Lemma sum_indicator_le (b : nat -> bool) a n : (\sum_(a <= r < n) (b r : nat) <= n - a)%N.
Proof.
apply: (@leq_trans (\sum_(a <= r < n) 1)); first by apply: leq_sum => r _; rewrite leq_b1.
by rewrite sum_nat_const_nat muln1.
Qed.

Section Counts.
Set Implicit Arguments. Unset Strict Implicit.
Variables (k : nat) (U A : nat -> 'I_k) (i : 'I_k).

Lemma ucount_mono m n : (m <= n)%N -> (ucount U i m <= ucount U i n)%N.
Proof. by move=> m_le_n; apply: leq_sum_nat_ub. Qed.

Lemma ucount_le r : (ucount U i r <= r)%N.
Proof. by rewrite (leq_trans (sum_indicator_le _ _ _)) ?subn1. Qed.

Lemma npulls_mono m n : (m <= n)%N -> (npulls A i m <= npulls A i n)%N.
Proof. exact: leq_sum_nat_ub. Qed.

Lemma npulls_le t : (npulls A i t <= t.-1)%N.
Proof. by rewrite (leq_trans (sum_indicator_le _ _ _)) ?subn1. Qed.

End Counts.

Section Means.
Set Implicit Arguments. Unset Strict Implicit.
Variables (R : realType) (k : nat).

Lemma le_mustar (mu : 'I_k -> R) i : mu i <= mustar mu.
Proof. exact: le_bigmax. Qed.

Lemma mulr_muhat (Y : 'I_k -> nat -> R) i s :
  s%:R * muhat Y i s = \sum_(1 <= r < s.+1) Y i r.
Proof.
rewrite /muhat; case: s => [|s]; first by rewrite big_geq // mul0r.
by rewrite mulrC divfK // pnatr_eq0.
Qed.

Lemma mulr_muhat_mono (Y : 'I_k -> nat -> R) i m n : (forall s, 0 <= Y i s) ->
  (m <= n)%N -> m%:R * muhat Y i m <= n%:R * muhat Y i n.
Proof.
move=> Y_ge0 m_le_n; rewrite !mulr_muhat.
rewrite [X in _ <= X](@big_cat_nat _ _ _ m.+1) //= lerDl.
exact: sumr_ge0.
Qed.

End Means.

Section Phases.
Set Implicit Arguments. Unset Strict Implicit.
Variables (R : realType) (k : nat) (Y : 'I_k -> nat -> R) (U A : nat -> 'I_k) (W : nat).

Lemma in_phase2_first_exit t : in_phase2 Y A W t ->
  exists2 t0, (1 <= t0 <= t)%N &
    ~ phase1_cond Y A W t0 /\ forall t', (1 <= t' < t0)%N -> phase1_cond Y A W t'.
Proof.
case=> _ _ [t' /andP[t'_ge1 t'_le_t] exit'].
pose cond n := [forall i, (npulls A i n)%:R * muhat_t Y A i n
                          <= 420 * cst R ^+ 2 * ln (W%:R : R)].
have condP n : reflect (phase1_cond Y A W n) (cond n) by exact: forallP.
have exit_ex : exists n, (1 <= n)%N && ~~ cond n.
  by exists t'; rewrite t'_ge1; apply/condP.
case: (ex_minnP exit_ex) => t0 /andP[t0_ge1 /condP exit0] t0_min.
exists t0; first by rewrite t0_ge1 (leq_trans _ t'_le_t) // t0_min // t'_ge1; apply/condP.
split=> // t'' /andP[t''_ge1 t''_lt]; apply/condP.
by apply: contraTT t''_lt => ncond; rewrite -leqNgt t0_min // t''_ge1.
Qed.

Lemma npulls_eq_ucount t0 i : ncb_run Y U A W -> (t0 <= W)%N ->
  (forall t', (1 <= t' < t0)%N -> phase1_cond Y A W t') ->
  npulls A i t0 = ucount U i t0.-1.
Proof.
move=> run t0_le_W before; rewrite /npulls /ucount.
case: t0 t0_le_W before => [|t0] t0_le_W before; first by rewrite !big_geq.
apply: eq_big_nat => s /andP[s_ge1 s_lt]; rewrite (proj1 (run s)) //.
split=> // [|t' t'_ge1 t'_le]; first exact: leq_trans (ltnW s_lt) t0_le_W.
by apply: before; rewrite t'_ge1 (leq_ltn_trans t'_le).
Qed.

End Phases.

Section Analysis.
Set Implicit Arguments. Unset Strict Implicit.
Variables (R : realType) (k : nat) (mu : 'I_k -> R) (Y : 'I_k -> nat -> R)
  (U A : nat -> 'I_k) (T W : nat) (istar : 'I_k).
Hypothesis mustar_gt0 : 0 < mustar mu.
Hypothesis mu_le1 : forall i, mu i <= 1.
Hypothesis Y_ge0 : forall i s, 0 <= Y i s.
Hypothesis mu_istar : mu istar = mustar mu.
Hypotheses (E1U : E1 U mu T) (E2Y : E2 Y mu T) (E3Y : E3 Y mu T).
Hypothesis T_ge : 968 * k%:R * Sval mu T <= T%:R.
Hypotheses (sqrtT_le_W : Num.sqrt (T%:R : R) <= W%:R) (W_le_T : (W <= T)%N).
Hypothesis run : ncb_run Y U A W.

Local Notation ms := (mustar mu).
Local Notation S := (Sval mu T).
Local Notation L := (ln (T%:R : R)).

Lemma Sval_mustar : S * ms = 9 * L.
Proof. by rewrite /Sval /cst divfK ?gt_eqF // expr2; lra. Qed.

(* If [log T <= 0] then [S <= 0], so E2 applies to [s = 0], where the empirical mean
   and the confidence radius are both [0]; this contradicts [mu istar > 0]. *)
Lemma lnT_gt0 : 0 < L.
Proof.
rewrite ltNge; apply/negP => L_le0.
have S_le0 : S <= 0 by rewrite -(pmulr_lle0 _ mustar_gt0) Sval_mustar; lra.
have mu_large : ms / 64 < mu istar by rewrite mu_istar; have := mustar_gt0; lra.
have S64_le0 : 64 * S <= 0%:R by lra.
have := E2Y mu_large S64_le0 (leq0n T).
by rewrite /muhat !invr0 !mulr0 sqrtr0 mulr0 subr0 normr_le0 gt_eqF // mu_istar.
Qed.

Lemma T_ge2 : (2 <= T)%N.
Proof. exact: ln_nat_gt0 lnT_gt0. Qed.

Lemma lnT_ge_half : 1 / 2 <= L.
Proof. by apply: ln_ge_half; rewrite (ler_nat R 2 T) T_ge2. Qed.

Lemma lnT_le_twice_lnW : L <= 2 * ln (W%:R : R).
Proof.
apply: ln_le_twice_ln sqrtT_le_W.
by rewrite ltr0n (ltn_trans _ T_ge2).
Qed.

Lemma Sval_gt0 : 0 < S.
Proof. by rewrite -(pmulr_lgt0 _ mustar_gt0) Sval_mustar; have := lnT_gt0; lra. Qed.

Lemma mulr_muhat_le i s : 64 * S <= s%:R -> (s <= T)%N ->
  s%:R <= 192 * S + 3 / 2 -> s%:R * muhat Y i s <= 1890 * L.
Proof.
move=> s_ge s_le_T s_le; have L_ge := lnT_ge_half.
have s_gt0 : 0 < s%:R :> R by have := Sval_gt0; lra.
have sms_le : s%:R * ms <= 1728 * L + 3 / 2.
  have : s%:R * ms <= (192 * S + 3 / 2) * ms by rewrite ler_pM2r.
  have := mu_le1 istar; rewrite mu_istar mulrDl -mulrA Sval_mustar; lra.
have [mu_small|mu_large] := leP (mu i) (ms / 64).
  have : s%:R * muhat Y i s <= s%:R * (ms / 32) by rewrite ler_pM2l // ltW // (E3Y mu_small).
  lra.
have : s%:R * mu i <= s%:R * ms by rewrite ler_pM2l // le_mustar.
have := E2Y mu_large s_ge s_le_T; rewrite /cst ler_norml => /andP[muhat_le _] smu_le.
have : s%:R * muhat Y i s <= s%:R * mu i + 3 * Num.sqrt (s%:R * mu i * L).
  by rewrite -mulrA -mulr_sqrt_div ?ler0n // [3 * _]mulrCA -mulrDr ler_pM2l //; lra.
have mu_ge0 : 0 <= mu i by apply: le_trans (ltW mu_large); rewrite divr_ge0 // ltW.
have a_le : s%:R * mu i <= 1728 * L + 3 / 2 by lra.
have := addr_sqrt_le (mulr_ge0 (ler0n R s) mu_ge0) a_le L_ge; lra.
Qed.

____________

▶ What you have to do: What you return should be only the lines from the line containing "have sms_le : s%:R * ms <= 1728 * L + 3 / 2." through the end of the material above, reproduced exactly, first and last included.

▶ Answer box:
have sms_le : s%:R * ms <= 1728 * L + 3 / 2.
  have : s%:R * ms <= (192 * S + 3 / 2) * ms by rewrite ler_pM2r.
  have := mu_le1 istar; rewrite mu_istar mulrDl -mulrA Sval_mustar; lra.
have [mu_small|mu_large] := leP (mu i) (ms / 64).
  have : s%:R * muhat Y i s <= s%:R * (ms / 32) by rewrite ler_pM2l // ltW // (E3Y mu_small).
  lra.
have : s%:R * mu i <= s%:R * ms by rewrite ler_pM2l // le_mustar.
have := E2Y mu_large s_ge s_le_T; rewrite /cst ler_norml => /andP[muhat_le _] smu_le.
have : s%:R * muhat Y i s <= s%:R * mu i + 3 * Num.sqrt (s%:R * mu i * L).
  by rewrite -mulrA -mulr_sqrt_div ?ler0n // [3 * _]mulrCA -mulrDr ler_pM2l //; lra.
have mu_ge0 : 0 <= mu i by apply: le_trans (ltW mu_large); rewrite divr_ge0 // ltW.
have a_le : s%:R * mu i <= 1728 * L + 3 / 2 by lra.
have := addr_sqrt_le (mulr_ge0 (ler0n R s) mu_ge0) a_le L_ge; lra.
Qed.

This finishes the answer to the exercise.